• **Work to be completed**
From the entries below, copy out all lines holding "subset".
BEGIN Data records
(* Let $\Sigma,\Sigma',\Sigma''$ be weighted metric graphs with boundary, let $\phi\colon\Sigma\to\Sigma''$ be a continuous map, and let $\psi\colon\Sigma'\to\Sigma$ be a surjective harmonic map with $\psi(\partial\Sigma')\subset\partial\Sigma$. If $\phi\circ\psi$ is harmonic, then $\phi$ is harmonic.
   Context: Weighted metric graph with boundary: finite multigraph without loop edges, with for each oriented edge $e$ a length $\ell(e)>0$, parametrization $t_e\colon[0,\ell(e)]\to e$ ($t_e(0)=e^-$, $t_{\bar e}(x)=t_e(\ell(e)-x)$), weight $w(e)=w(\bar e)\in\mathbb Z_{>0}$, and boundary $\partial\Sigma\subset V(\Sigma)$; subdivisions allowed. A piecewise linear map $\phi\colon\Sigma'\to\Sigma$ is a continuous map such that after subdividing both: vertices map to vertices; each edge maps homeomorphically onto an edge or to a vertex; if $\phi(v')\in\partial\Sigma$ and $\phi$ is not constant on any neighbourhood of $v'$ then $v'\in\partial\Sigma'$; and if $\phi(e')=e$ (respecting orientations) then $\phi\circ t_{e'}(x)=t_e(\frac{\ell(e)}{\ell(e')}x)$. The expansion factor is $d_{e'}(\phi)=\ell(e)/\ell(e')$, or $0$ if $e'$ maps to a vertex. $\phi$ is harmonic at a point $v'$ (made a vertex) if $\sum_{e'^-=v',\,e'\mapsto e}\frac{w(e')}{w(e)}d_{e'}(\phi)$ is independent of the choice of edge $e$ starting at $\phi(v')$; $\phi$ is harmonic if it is piecewise linear and harmonic at every point of $\Sigma'\setminus\partial\Sigma'$. *)

From HB Require Import structures.
From mathcomp Require Import all_boot all_order all_algebra.
From mathcomp Require Import reals.
Set Implicit Arguments. Unset Strict Implicit. Unset Printing Implicit Defensive.
Import Order.TTheory GRing.Theory Num.Theory.
Local Open Scope ring_scope.

(* Each (unoriented) edge e comes with a
   reference orientation msrc e -> mtgt e; the two oriented edges are (e,true)
   (= e) and (e,false) (= ebar).  Lengths and weights are attached to the
   unoriented edge, so l(ebar)=l(e), w(ebar)=w(e). *)
Record mgraph (R : realType) := MGraph {
  mV : finType;
  mE : finType;
  msrc : mE -> mV;
  mtgt : mE -> mV;
  mlen : mE -> R;
  mwt : mE -> nat;
  mbnd : pred mV;
  msrc_tgt : forall e, msrc e != mtgt e;
  mlen_gt0 : forall e, 0 < mlen e;
  mwt_gt0 : forall e, (0 < mwt e)%N }.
END Data records
• **Exercise result**
(* Let $\Sigma,\Sigma',\Sigma''$ be weighted metric graphs with boundary, let $\phi\colon\Sigma\to\Sigma''$ be a continuous map, and let $\psi\colon\Sigma'\to\Sigma$ be a surjective harmonic map with $\psi(\partial\Sigma')\subset\partial\Sigma$. If $\phi\circ\psi$ is harmonic, then $\phi$ is harmonic.
   Context: Weighted metric graph with boundary: finite multigraph without loop edges, with for each oriented edge $e$ a length $\ell(e)>0$, parametrization $t_e\colon[0,\ell(e)]\to e$ ($t_e(0)=e^-$, $t_{\bar e}(x)=t_e(\ell(e)-x)$), weight $w(e)=w(\bar e)\in\mathbb Z_{>0}$, and boundary $\partial\Sigma\subset V(\Sigma)$; subdivisions allowed. A piecewise linear map $\phi\colon\Sigma'\to\Sigma$ is a continuous map such that after subdividing both: vertices map to vertices; each edge maps homeomorphically onto an edge or to a vertex; if $\phi(v')\in\partial\Sigma$ and $\phi$ is not constant on any neighbourhood of $v'$ then $v'\in\partial\Sigma'$; and if $\phi(e')=e$ (respecting orientations) then $\phi\circ t_{e'}(x)=t_e(\frac{\ell(e)}{\ell(e')}x)$. The expansion factor is $d_{e'}(\phi)=\ell(e)/\ell(e')$, or $0$ if $e'$ maps to a vertex. $\phi$ is harmonic at a point $v'$ (made a vertex) if $\sum_{e'^-=v',\,e'\mapsto e}\frac{w(e')}{w(e)}d_{e'}(\phi)$ is independent of the choice of edge $e$ starting at $\phi(v')$; $\phi$ is harmonic if it is piecewise linear and harmonic at every point of $\Sigma'\setminus\partial\Sigma'$. *)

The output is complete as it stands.